Assigned task:
Print the listing below again from the line that contains "(forall q, U q -> D" onward, keeping every line exact and leaving out the lines before it.

_ _ _ _ _ _ _

(* Let $h:\mathbb{R}\to\mathbb{R}$ be continuous and let $u_1,u_2$ be any pair of real-valued linearly independent solutions of $u''(x)+h(x)u(x)=0$, with Wronskian $W=u'_1(x)u_2(x)-u_1(x)u'_2(x)\neq0$. Let $X_0\in\mathbb{R}$ and fix either choice of sign $\pm$. Then the map $(x,\varPhi)\mapsto(X,Y)$ given by \[ X(x,\varPhi)=X_0\pm W^{-1}\frac{\varPhi^2u_1(x)u_2(x)+u'_1(x)u'_2(x)}{\varPhi^2[u_1(x)]^2+[u'_1(x)]^2},\qquad Y(x,\varPhi)=\frac{\varPhi}{\varPhi^2[u_1(x)]^2+[u'_1(x)]^2}, \] is a local diffeomorphism from the Riemannian manifold $\mathbb{M}_h=(\mathcal{H}_0,g_h)$ to the Poincaré upper half plane $\mathbb{H}=(\mathcal{H},g_{\mathbb{H}})$, i.e. a local diffeomorphism $\mathcal{H}_0\to\mathcal{H}$ under which $g_{\mathbb{H}}$ pulls back to $g_h$.
   Context: $\mathcal{H}=\{(X,Y)\in\mathbb{R}^2\mid Y>0\}$ with metric $g_{\mathbb{H}}=(dX^2+dY^2)/Y^2$ is the Poincaré upper half plane $\mathbb{H}$. $\mathcal{H}_0=\{(x,\varPhi)\in\mathbb{R}^2\mid\varPhi>0,\ \varPhi^2\neq h(x)\}$ with metric $g_h=\left[(h(x)-\varPhi^2)^2dx^2+d\varPhi^2\right]/\varPhi^2$ is $\mathbb{M}_h$. *)

From Stdlib Require Import Reals.
From Coquelicot Require Import Coquelicot.
Open Scope R_scope.

Definition partial1 (f : R * R -> R) (p : R * R) : R :=
  Derive (fun t => f (t, snd p)) (fst p).
Definition partial2 (f : R * R -> R) (p : R * R) : R :=
  Derive (fun t => f (fst p, t)) (snd p).

Definition C1_fun_on (D : R * R -> Prop) (f : R * R -> R) : Prop :=
  forall p, D p ->
    ex_derive (fun t => f (t, snd p)) (fst p) /\
    ex_derive (fun t => f (fst p, t)) (snd p) /\
    continuous (partial1 f) p /\ continuous (partial2 f) p.

Definition C1_on (D : R * R -> Prop) (F : R * R -> R * R) : Prop :=
  C1_fun_on D (fun p => fst (F p)) /\ C1_fun_on D (fun p => snd (F p)).

Definition local_diffeo (D E : R * R -> Prop) (F : R * R -> R * R) : Prop :=
  (forall p, D p -> E (F p)) /\
  C1_on D F /\
  forall p, D p ->
    exists (U V : R * R -> Prop) (G : R * R -> R * R),
      open U /\ open V /\ U p /\
      (forall q, U q -> D q) /\ (forall v, V v -> E v) /\
      (forall q, U q -> V (F q)) /\ (forall v, V v -> U (G v)) /\
      (forall q, U q -> G (F q) = q) /\ (forall v, V v -> F (G v) = v) /\
      C1_on V G.

Definition dmap (F : R * R -> R * R) (p v : R * R) : R * R :=
  (partial1 (fun q => fst (F q)) p * fst v + partial2 (fun q => fst (F q)) p * snd v,
   partial1 (fun q => snd (F q)) p * fst v + partial2 (fun q => snd (F q)) p * snd v).

(** A Riemannian metric on (an open subset of) R^2, given pointwise as a
    bilinear form on tangent vectors. *)
Definition metric2 := R * R -> R * R -> R * R -> R.

Definition pullback_eq (D : R * R -> Prop) (F : R * R -> R * R)
    (g2 g1 : metric2) : Prop :=
  forall p, D p -> forall v w : R * R, g2 (F p) (dmap F p v) (dmap F p w) = g1 p v w.

Definition H_set (P : R * R) : Prop := snd P > 0.
Definition g_H : metric2 :=
  fun P v w => (fst v * fst w + snd v * snd w) / (snd P) ^ 2.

_ _ _ _ _ _ _

Response to the exercise:
      (forall q, U q -> D q) /\ (forall v, V v -> E v) /\
      (forall q, U q -> V (F q)) /\ (forall v, V v -> U (G v)) /\
      (forall q, U q -> G (F q) = q) /\ (forall v, V v -> F (G v) = v) /\
      C1_on V G.

Definition dmap (F : R * R -> R * R) (p v : R * R) : R * R :=
  (partial1 (fun q => fst (F q)) p * fst v + partial2 (fun q => fst (F q)) p * snd v,
   partial1 (fun q => snd (F q)) p * fst v + partial2 (fun q => snd (F q)) p * snd v).

(** A Riemannian metric on (an open subset of) R^2, given pointwise as a
    bilinear form on tangent vectors. *)
Definition metric2 := R * R -> R * R -> R * R -> R.

Definition pullback_eq (D : R * R -> Prop) (F : R * R -> R * R)
    (g2 g1 : metric2) : Prop :=
  forall p, D p -> forall v w : R * R, g2 (F p) (dmap F p v) (dmap F p w) = g1 p v w.

Definition H_set (P : R * R) : Prop := snd P > 0.
Definition g_H : metric2 :=
  fun P v w => (fst v * fst w + snd v * snd w) / (snd P) ^ 2.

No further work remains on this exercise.